The lines from the one containing "Lemma oval_sign s" through the final line of the data below must be written out exactly, both included, and nothing more.

Source material »
%%
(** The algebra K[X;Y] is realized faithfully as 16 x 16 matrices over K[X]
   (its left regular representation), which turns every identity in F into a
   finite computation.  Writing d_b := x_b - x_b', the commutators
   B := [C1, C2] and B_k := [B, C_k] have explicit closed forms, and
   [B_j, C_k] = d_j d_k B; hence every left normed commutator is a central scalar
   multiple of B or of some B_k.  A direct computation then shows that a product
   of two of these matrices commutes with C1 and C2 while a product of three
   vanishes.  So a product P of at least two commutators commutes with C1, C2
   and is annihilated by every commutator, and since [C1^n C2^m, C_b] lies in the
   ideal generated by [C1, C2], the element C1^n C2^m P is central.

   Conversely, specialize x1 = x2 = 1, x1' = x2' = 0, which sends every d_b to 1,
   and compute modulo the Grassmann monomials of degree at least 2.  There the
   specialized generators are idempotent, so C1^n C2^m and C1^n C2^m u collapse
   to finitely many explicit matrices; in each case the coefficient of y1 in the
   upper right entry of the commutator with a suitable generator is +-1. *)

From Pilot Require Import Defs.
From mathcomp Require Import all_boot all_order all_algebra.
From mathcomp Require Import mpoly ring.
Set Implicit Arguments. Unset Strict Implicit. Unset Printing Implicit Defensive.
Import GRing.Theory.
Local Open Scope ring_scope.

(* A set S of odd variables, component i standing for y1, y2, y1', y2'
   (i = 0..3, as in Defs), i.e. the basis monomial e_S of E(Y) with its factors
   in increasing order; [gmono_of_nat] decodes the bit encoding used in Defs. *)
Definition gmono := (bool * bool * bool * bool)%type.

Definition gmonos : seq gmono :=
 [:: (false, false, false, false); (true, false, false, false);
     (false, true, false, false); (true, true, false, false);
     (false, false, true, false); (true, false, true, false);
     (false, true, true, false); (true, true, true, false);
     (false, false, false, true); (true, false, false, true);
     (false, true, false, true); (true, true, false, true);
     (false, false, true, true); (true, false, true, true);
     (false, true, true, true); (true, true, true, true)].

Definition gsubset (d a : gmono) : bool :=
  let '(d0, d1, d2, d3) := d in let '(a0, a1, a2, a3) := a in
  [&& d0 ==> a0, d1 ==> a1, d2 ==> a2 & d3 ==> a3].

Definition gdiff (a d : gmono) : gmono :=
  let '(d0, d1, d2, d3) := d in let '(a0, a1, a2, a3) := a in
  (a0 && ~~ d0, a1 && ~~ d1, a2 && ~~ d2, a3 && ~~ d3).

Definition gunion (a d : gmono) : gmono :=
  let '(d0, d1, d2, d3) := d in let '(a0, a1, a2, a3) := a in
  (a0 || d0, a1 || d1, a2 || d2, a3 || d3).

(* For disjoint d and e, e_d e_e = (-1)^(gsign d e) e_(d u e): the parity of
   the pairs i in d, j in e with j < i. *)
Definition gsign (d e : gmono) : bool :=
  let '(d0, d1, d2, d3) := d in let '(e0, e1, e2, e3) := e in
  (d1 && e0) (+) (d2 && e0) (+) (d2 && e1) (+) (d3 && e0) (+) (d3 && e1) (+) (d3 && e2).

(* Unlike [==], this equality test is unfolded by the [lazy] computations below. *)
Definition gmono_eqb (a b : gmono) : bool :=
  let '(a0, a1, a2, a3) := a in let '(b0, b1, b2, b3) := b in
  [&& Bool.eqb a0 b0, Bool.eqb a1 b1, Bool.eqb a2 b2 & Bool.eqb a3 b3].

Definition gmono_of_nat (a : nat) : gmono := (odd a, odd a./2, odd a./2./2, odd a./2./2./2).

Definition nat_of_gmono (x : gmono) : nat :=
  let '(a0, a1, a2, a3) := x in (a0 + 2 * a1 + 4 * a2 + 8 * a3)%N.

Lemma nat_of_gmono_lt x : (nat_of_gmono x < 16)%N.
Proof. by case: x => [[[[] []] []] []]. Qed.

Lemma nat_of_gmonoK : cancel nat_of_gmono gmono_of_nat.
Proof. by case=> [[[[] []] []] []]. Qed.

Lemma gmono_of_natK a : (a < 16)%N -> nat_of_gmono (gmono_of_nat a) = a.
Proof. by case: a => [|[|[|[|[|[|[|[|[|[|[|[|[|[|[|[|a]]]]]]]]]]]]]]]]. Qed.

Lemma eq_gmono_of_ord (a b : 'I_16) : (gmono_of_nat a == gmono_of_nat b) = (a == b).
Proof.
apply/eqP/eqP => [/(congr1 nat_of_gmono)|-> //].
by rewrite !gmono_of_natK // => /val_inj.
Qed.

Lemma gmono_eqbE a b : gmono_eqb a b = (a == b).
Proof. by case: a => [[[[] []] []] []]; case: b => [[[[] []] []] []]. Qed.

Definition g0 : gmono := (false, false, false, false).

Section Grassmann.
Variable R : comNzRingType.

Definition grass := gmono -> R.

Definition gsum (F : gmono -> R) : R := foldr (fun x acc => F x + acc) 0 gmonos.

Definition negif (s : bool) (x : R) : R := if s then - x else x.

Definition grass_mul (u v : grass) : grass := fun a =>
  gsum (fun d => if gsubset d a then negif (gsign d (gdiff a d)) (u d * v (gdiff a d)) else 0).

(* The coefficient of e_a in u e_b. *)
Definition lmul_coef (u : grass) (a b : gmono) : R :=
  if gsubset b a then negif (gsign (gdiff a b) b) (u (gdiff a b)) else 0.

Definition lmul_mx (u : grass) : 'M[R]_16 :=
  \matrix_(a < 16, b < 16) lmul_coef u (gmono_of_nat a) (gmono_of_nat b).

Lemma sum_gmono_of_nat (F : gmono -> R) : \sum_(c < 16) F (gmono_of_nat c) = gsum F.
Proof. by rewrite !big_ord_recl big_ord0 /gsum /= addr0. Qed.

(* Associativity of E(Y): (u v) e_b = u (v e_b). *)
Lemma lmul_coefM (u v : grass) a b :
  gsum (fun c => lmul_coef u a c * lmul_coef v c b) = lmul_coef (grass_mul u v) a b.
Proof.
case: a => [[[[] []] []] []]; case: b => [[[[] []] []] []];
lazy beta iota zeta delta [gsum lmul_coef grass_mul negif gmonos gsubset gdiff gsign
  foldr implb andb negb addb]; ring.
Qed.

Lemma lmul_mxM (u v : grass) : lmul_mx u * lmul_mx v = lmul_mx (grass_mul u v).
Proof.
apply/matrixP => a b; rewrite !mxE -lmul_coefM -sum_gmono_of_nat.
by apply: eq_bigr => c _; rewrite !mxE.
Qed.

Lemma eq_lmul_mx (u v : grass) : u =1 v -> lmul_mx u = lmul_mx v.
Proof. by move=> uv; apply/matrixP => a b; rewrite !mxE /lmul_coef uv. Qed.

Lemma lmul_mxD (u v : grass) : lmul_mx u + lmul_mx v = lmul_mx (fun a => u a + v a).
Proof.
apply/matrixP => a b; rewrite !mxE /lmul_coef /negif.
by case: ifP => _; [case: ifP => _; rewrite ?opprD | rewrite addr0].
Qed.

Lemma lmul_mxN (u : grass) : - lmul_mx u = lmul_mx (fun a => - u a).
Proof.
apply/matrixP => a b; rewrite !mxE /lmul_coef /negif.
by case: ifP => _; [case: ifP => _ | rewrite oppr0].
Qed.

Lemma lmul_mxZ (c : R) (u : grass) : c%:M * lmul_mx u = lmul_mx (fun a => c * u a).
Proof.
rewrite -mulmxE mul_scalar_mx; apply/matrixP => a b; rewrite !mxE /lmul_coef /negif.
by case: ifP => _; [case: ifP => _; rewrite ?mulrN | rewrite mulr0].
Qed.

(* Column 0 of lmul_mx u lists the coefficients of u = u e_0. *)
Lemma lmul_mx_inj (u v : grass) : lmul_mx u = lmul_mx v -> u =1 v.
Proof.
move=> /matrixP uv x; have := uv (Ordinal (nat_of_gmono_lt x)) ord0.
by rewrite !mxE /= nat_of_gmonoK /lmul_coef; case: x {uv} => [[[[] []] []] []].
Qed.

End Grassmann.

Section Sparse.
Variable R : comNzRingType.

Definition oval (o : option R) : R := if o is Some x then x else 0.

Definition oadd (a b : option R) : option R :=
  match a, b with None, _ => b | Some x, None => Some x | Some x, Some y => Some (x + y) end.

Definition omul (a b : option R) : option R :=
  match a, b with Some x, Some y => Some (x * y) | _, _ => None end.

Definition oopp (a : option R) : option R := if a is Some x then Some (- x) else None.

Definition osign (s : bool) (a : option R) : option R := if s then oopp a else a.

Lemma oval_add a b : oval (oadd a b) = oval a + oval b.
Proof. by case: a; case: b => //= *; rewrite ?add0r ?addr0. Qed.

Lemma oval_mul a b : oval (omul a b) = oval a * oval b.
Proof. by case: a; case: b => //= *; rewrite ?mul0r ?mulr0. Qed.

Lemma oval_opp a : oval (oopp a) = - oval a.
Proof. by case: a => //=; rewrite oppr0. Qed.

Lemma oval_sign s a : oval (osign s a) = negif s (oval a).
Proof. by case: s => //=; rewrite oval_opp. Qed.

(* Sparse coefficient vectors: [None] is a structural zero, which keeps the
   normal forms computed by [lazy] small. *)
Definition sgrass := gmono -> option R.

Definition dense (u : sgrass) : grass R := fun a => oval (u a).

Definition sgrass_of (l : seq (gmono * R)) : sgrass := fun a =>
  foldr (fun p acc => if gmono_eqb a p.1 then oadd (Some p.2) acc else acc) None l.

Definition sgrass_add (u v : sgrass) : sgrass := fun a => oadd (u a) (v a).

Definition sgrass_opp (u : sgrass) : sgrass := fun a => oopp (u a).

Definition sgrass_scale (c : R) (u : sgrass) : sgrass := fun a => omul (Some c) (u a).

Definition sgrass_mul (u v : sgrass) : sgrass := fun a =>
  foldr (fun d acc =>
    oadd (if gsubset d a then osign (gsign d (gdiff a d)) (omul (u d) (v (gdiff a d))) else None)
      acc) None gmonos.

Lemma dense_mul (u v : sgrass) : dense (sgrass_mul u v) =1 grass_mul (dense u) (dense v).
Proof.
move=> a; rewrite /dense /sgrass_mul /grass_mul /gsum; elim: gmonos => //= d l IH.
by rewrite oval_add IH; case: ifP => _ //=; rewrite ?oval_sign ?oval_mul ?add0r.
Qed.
%%
Output for this task »
Lemma oval_sign s a : oval (osign s a) = negif s (oval a).
Proof. by case: s => //=; rewrite oval_opp. Qed.

(* Sparse coefficient vectors: [None] is a structural zero, which keeps the
   normal forms computed by [lazy] small. *)
Definition sgrass := gmono -> option R.

Definition dense (u : sgrass) : grass R := fun a => oval (u a).

Definition sgrass_of (l : seq (gmono * R)) : sgrass := fun a =>
  foldr (fun p acc => if gmono_eqb a p.1 then oadd (Some p.2) acc else acc) None l.

Definition sgrass_add (u v : sgrass) : sgrass := fun a => oadd (u a) (v a).

Definition sgrass_opp (u : sgrass) : sgrass := fun a => oopp (u a).

Definition sgrass_scale (c : R) (u : sgrass) : sgrass := fun a => omul (Some c) (u a).

Definition sgrass_mul (u v : sgrass) : sgrass := fun a =>
  foldr (fun d acc =>
    oadd (if gsubset d a then osign (gsign d (gdiff a d)) (omul (u d) (v (gdiff a d))) else None)
      acc) None gmonos.

Lemma dense_mul (u v : sgrass) : dense (sgrass_mul u v) =1 grass_mul (dense u) (dense v).
Proof.
move=> a; rewrite /dense /sgrass_mul /grass_mul /gsum; elim: gmonos => //= d l IH.
by rewrite oval_add IH; case: ifP => _ //=; rewrite ?oval_sign ?oval_mul ?add0r.
Qed.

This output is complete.